(* Let $\Gamma$ be an elliptic graph with NN-elliptic sequence $\{B_j\}_{j=-1}^m$ and associated cycles $C_j=\sum_{i=-1}^j Z_{B_i}$ ($-1\le j\le m$). Let $\ell\in Supp(P_0)$ be an exponent of the canonical polynomial of $\Gamma$ and let $l'$ be its associated cycle. Then (1) $l'\in\{C_{-1},C_0,\dots,C_{m-1}\}$; (2) for every $j$ and every $\ell\in Supp_j(P_0)$ one has $\mathcal V^{<0}(\ell)=\mathcal V(\Gamma)\setminus \mathcal V(B_{j+1})$.
   Context: Let $\Gamma$ be a finite connected tree with vertex set $\mathcal V$, each vertex $v$ decorated by an integer $e_v$ (all genus decorations zero). Let $L$ be the free abelian group with basis $\{E_v\}_{v\in\mathcal V}$ and symmetric bilinear form $(E_v,E_v)=e_v$, $(E_v,E_w)=1$ if $v\neq w$ are adjacent and $0$ otherwise; it is assumed negative definite. Let $L'=\{l'\in L\otimes\mathbb Q:(l',l)\in\mathbb Z\ \forall l\in L\}$, $H=L'/L$, and $[l']$ the class of $l'$. Let $E_v^*\in L'$ be defined by $(E_v^*,E_w)=-\delta_{vw}$. For $l'=\sum_v l'_vE_v$ write $l'_1\ge l'_2$ if $l'_{1,v}\ge l'_{2,v}$ for all $v$, $l'_1\prec l'_2$ if $l'_{1,v}<l'_{2,v}$ for all $v$, $l>0$ if $l\ge0,l\ne0$; $|l'|=\{v:l'_v\ne0\}$; $E=\sum_vE_v$; $\delta_v$ is the valency of $v$. The anticanonical cycle $Z_K\in L'$ is defined by $(Z_K,E_v)=e_v+2$ for all $v$, and $\chi(l')=-(l',l'-Z_K)/2$. Let $\mathcal S'=\{l'\in L':(l',E_v)\le0\ \forall v\}$, $\mathcal S'_h=\{l'\in\mathcal S':[l']=h\}$, and $s_h=\min\mathcal S'_h$ (coordinatewise minimum; it lies in $\mathcal S'_h$). For a connected full subgraph $B$ the same notions are defined using only the vertices of $B$; $Z_{min}(B)$ denotes the minimal nonzero element of $\mathcal S'(B)\cap L(B)$. Topological Poincaré series: $Z(\mathbf t)=\sum_{l'\in L'}z(l')\mathbf t^{l'}$ is the Taylor expansion at the origin of $\prod_{v}(1-\mathbf t^{E_v^*})^{\delta_v-2}$, where $\mathbf t^{l'}=\prod_v t_v^{l'_v}$. Canonical polynomial: $P_0(\mathbf t)=\sum_{\ell\in L,\ \ell\not\prec 0}w(\ell)\mathbf t^{\ell}$ with $w(\ell)=z(Z_K-E-\ell)$, and $Supp(P_0)=\{\ell\in L:\ell\not\prec0,\ w(\ell)\ne0\}$. An elliptic graph is such a $\Gamma$ with $e_v\le-2$ for all $v$ and $\min_{l\in L,l>0}\chi(l)=0$. The minimally elliptic cycle $C$ is the unique $C\in L$, $C>0$, with $\chi(C)=0$ and $\chi(l)>0$ for $0<l<C$. NN-elliptic sequence: $B_{-1}=\Gamma$, $Z_{B_{-1}}=s_{[Z_K]}$, $B_0=|Z_K-s_{[Z_K]}|$; for $j\ge0$, $Z_{B_j}=Z_{min}(B_j)$ (viewed in $L$), and if $Z_K-\sum_{i=-1}^jZ_{B_i}\neq0$ one sets $B_{j+1}=|Z_K-\sum_{i=-1}^jZ_{B_i}|$; $m$ is the index with $Z_K=\sum_{i=-1}^mZ_{B_i}$. (It is known that this is well defined, each $B_j$, $j\ge0$, is a connected elliptic full subgraph, and $B_m=|C|$.) Set $C_j=\sum_{i=-1}^jZ_{B_i}$. For $\ell\in Supp(P_0)$ let $\mathcal V^{<0}(\ell)=\{v:\ell_v<0\}$; its associated cycle is the unique $l'\in L'$ with $\ell=Z_K-E-l'-\sum_{v\in\mathcal V^{<0}(\ell)}m_vE_v$, where $l'\le Z_K$, $l'_v=(Z_K)_v$ for $v\in\mathcal V^{<0}(\ell)$, and $m_v\in\mathbb Z_{\ge0}$. $Supp_j(P_0)$ denotes the set of $\ell\in Supp(P_0)$ whose associated cycle is $C_j$. *)

From HB Require Import structures.
From mathcomp Require Import all_boot all_order all_algebra.
Set Implicit Arguments. Unset Strict Implicit. Unset Printing Implicit Defensive.
Import Order.TTheory GRing.Theory Num.Theory.
Local Open Scope ring_scope.

(* Elements of L (x) Q are row vectors 'rV[rat]_n (coordinates in the basis E_v). *)
Section Plumbing.
Variables (n : nat) (adj : rel 'I_n) (e : 'I_n -> int).

Definition vec := 'rV[rat]_n.

(* Finite simple graph which is a tree: symmetric, irreflexive, connected,
   with exactly n-1 (unordered) edges. *)
Definition is_tree : Prop :=
  [/\ symmetric adj, irreflexive adj, (forall u v, connect adj u v) &
      #|[set p : 'I_n * 'I_n | adj p.1 p.2]| = (n.-1).*2 ]%N.

Definition valency (v : 'I_n) : nat := #|[set w | adj v w]|.

Definition Imx : 'M[rat]_n :=
  \matrix_(v, w) (if v == w then (e v)%:~R else if adj v w then 1 else 0).

Definition bil (x y : vec) : rat := (x *m Imx *m y^T) 0 0.

Definition Ebas (v : 'I_n) : vec := delta_mx 0 v.

Definition Eall : vec := \row_v 1.

Definition neg_def : Prop := forall x : vec, x != 0 -> bil x x < 0.

Definition inL (x : vec) : Prop := forall v, x 0 v \is a Num.int.

Definition inL' (x : vec) : Prop := forall l : vec, inL l -> bil x l \is a Num.int.

(* E_v^* : (E_v^*, E_w) = - delta_vw *)
Definition Estar (v : 'I_n) : vec := - row v (invmx Imx).

(* anticanonical cycle: (Z_K, E_v) = e_v + 2 *)
Definition ZK : vec := (\row_v ((e v)%:~R + 2)) *m invmx Imx.

Definition chi (x : vec) : rat := - bil x (x - ZK) / 2.

Definition vle (x y : vec) : Prop := forall v, x 0 v <= y 0 v.
Definition vprec (x y : vec) : Prop := forall v, x 0 v < y 0 v.
Definition vpos (x : vec) : Prop := vle 0 x /\ x <> 0.

Definition supp (x : vec) : {set 'I_n} := [set v | x 0 v != 0].

Definition inSp (x : vec) : Prop := inL' x /\ forall v, bil x (Ebas v) <= 0.

Definition is_s_ZK (x : vec) : Prop :=
  [/\ inSp x, inL (x - ZK) &
      forall y, inSp y -> inL (y - ZK) -> vle x y].

Definition in_SpL_B (B : {set 'I_n}) (y : vec) : Prop :=
  [/\ inL y, (forall v, v \notin B -> y 0 v = 0) &
      forall v, v \in B -> bil y (Ebas v) <= 0].
Definition is_Zmin (B : {set 'I_n}) (z : vec) : Prop :=
  [/\ in_SpL_B B z, z <> 0 &
      forall y, in_SpL_B B y -> y <> 0 -> vle y z -> y = z].

Definition elliptic : Prop :=
  [/\ (forall v, e v <= -2),
      (exists l, [/\ inL l, vpos l & chi l = 0]) &
      (forall l, inL l -> vpos l -> 0 <= chi l)].

(* coefficient of x^k in the Taylor expansion of (1 - x)^d at 0 *)
Definition taylor_coef (d : int) (k : nat) : rat :=
  match d with
  | Posz a => (-1) ^+ k * ('C(a, k))%:R
  | Negz a => ('C(k + a, k))%:R   (* d = -(a+1) *)
  end.

(* Coefficient z(l') of t^{l'} in the expansion of
   prod_v (1 - t^{E_v^*})^{delta_v - 2}:
   sum over k in N^V with sum_v k_v E_v^* = l' of prod_v coef_v(k_v).
   Any such k satisfies k_w = -(l', E_w), so k_w < bound l'; the
   truncation to k_w < bound l' is therefore exact. *)
Definition zbound (x : vec) : nat :=
  (\sum_w `|Num.floor (bil x (Ebas w))|)%N.+1.
Definition zcoef (x : vec) : rat :=
  \sum_(k : {ffun 'I_n -> 'I_(zbound x)} |
          \sum_v ((k v : nat)%:R *: Estar v) == x)
     \prod_v taylor_coef ((valency v)%:Z - 2) (k v).

Definition inSuppP0 (ell : vec) : Prop :=
  [/\ inL ell, ~ vprec ell 0 & zcoef (ZK - Eall - ell) != 0].

Definition negset (ell : vec) : {set 'I_n} := [set v | ell 0 v < 0].

Definition assoc_cycle (ell l' : vec) : Prop :=
  [/\ inL' l', vle l' ZK, (forall v, v \in negset ell -> l' 0 v = ZK 0 v) &
      exists mv : 'I_n -> nat,
        ell = ZK - Eall - l' - \sum_(v in negset ell) (mv v)%:R *: Ebas v].

(* NN-elliptic sequence, with shifted indices:
   Bs k = B_{k-1}, Zs k = Z_{B_{k-1}}, Cs k = C_{k-1} (k = 0, ..., m+1). *)
Definition Cs (Zs : nat -> vec) (k : nat) : vec := \sum_(i < k.+1) Zs i.

Definition NN_seq (m : nat) (Bs : nat -> {set 'I_n}) (Zs : nat -> vec) : Prop :=
  [/\ Bs 0%N = setT, is_s_ZK (Zs 0%N),
      (forall k, (1 <= k <= m.+1)%N -> is_Zmin (Bs k) (Zs k)),
      (forall k, (k <= m)%N -> Cs Zs k <> ZK /\ Bs k.+1 = supp (ZK - Cs Zs k)) &
      Cs Zs m.+1 = ZK].

End Plumbing.

From Pilot Require Import Defs.
From mathcomp Require Import all_boot all_order all_algebra lra.
Import Order.TTheory GRing.Theory Num.Theory.
Set Implicit Arguments. Unset Strict Implicit. Unset Printing Implicit Defensive.
Local Open Scope ring_scope.

(* The associated cycle l' of an exponent ell of P_0 lies in S'_[Z_K] strictly
   below Z_K.  Indeed x = Z_K - E - ell is an exponent of Z(t), so (x, E_v) <= 0
   for all v; off V^{<0}(ell) the cycle l' agrees with x and elsewhere it agrees
   with Z_K, while l' <= x and l' <= Z_K.  Moreover l' differs from Z_K exactly
   off V^{<0}(ell), a nonempty set since ell is not < 0 everywhere.

   Every such u is one of the C_j.  Inductively C_j <= u; if C_j <> u, then
   A = Z_K - C_j has chi(A) = (C_j, A)/2 <= 0, so ellipticity forces
   (C_j, E_v) = 0 on B_{j+1} = |A| and makes |A| connected.  Then u - C_j is a
   nonzero element of S'(B_{j+1}) /\ L(B_{j+1}); these elements are positive on
   all of B_{j+1} and closed under coordinatewise min, so Z_{B_{j+1}} <= u - C_j,
   i.e. C_{j+1} <= u.  Since the sequence ends at Z_K, it meets u.  Part (2)
   follows from B_{j+1} = |Z_K - C_j| = |Z_K - l'|. *)

Section EllipticCycles.
Variables (n : nat) (adj : rel 'I_n) (e : 'I_n -> int).
Hypotheses (adj_sym : symmetric adj) (negd : neg_def adj e).
Hypotheses (e_le : forall v, e v <= -2) (conn : forall u v, connect adj u v).
Hypothesis chi_ge0 : forall l, inL l -> vpos l -> 0 <= chi adj e l.
Implicit Types (x y l : vec n) (v w a b : 'I_n).
Local Notation Imx := (Imx adj e).
Local Notation bil := (bil adj e).
Local Notation ZK := (ZK adj e).
Local Notation chi := (chi adj e).
Local Notation inL' := (inL' adj e).
Local Notation inSp := (inSp adj e).
Local Notation Estar := (Estar adj e).
Local Notation SpL := (in_SpL_B adj e).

• • • •

> Work item:
The required answer is each line of the entries containing the string "exponent".

> Result of this task:
(* Let $\Gamma$ be an elliptic graph with NN-elliptic sequence $\{B_j\}_{j=-1}^m$ and associated cycles $C_j=\sum_{i=-1}^j Z_{B_i}$ ($-1\le j\le m$). Let $\ell\in Supp(P_0)$ be an exponent of the canonical polynomial of $\Gamma$ and let $l'$ be its associated cycle. Then (1) $l'\in\{C_{-1},C_0,\dots,C_{m-1}\}$; (2) for every $j$ and every $\ell\in Supp_j(P_0)$ one has $\mathcal V^{<0}(\ell)=\mathcal V(\Gamma)\setminus \mathcal V(B_{j+1})$.
(* The associated cycle l' of an exponent ell of P_0 lies in S'_[Z_K] strictly
   below Z_K.  Indeed x = Z_K - E - ell is an exponent of Z(t), so (x, E_v) <= 0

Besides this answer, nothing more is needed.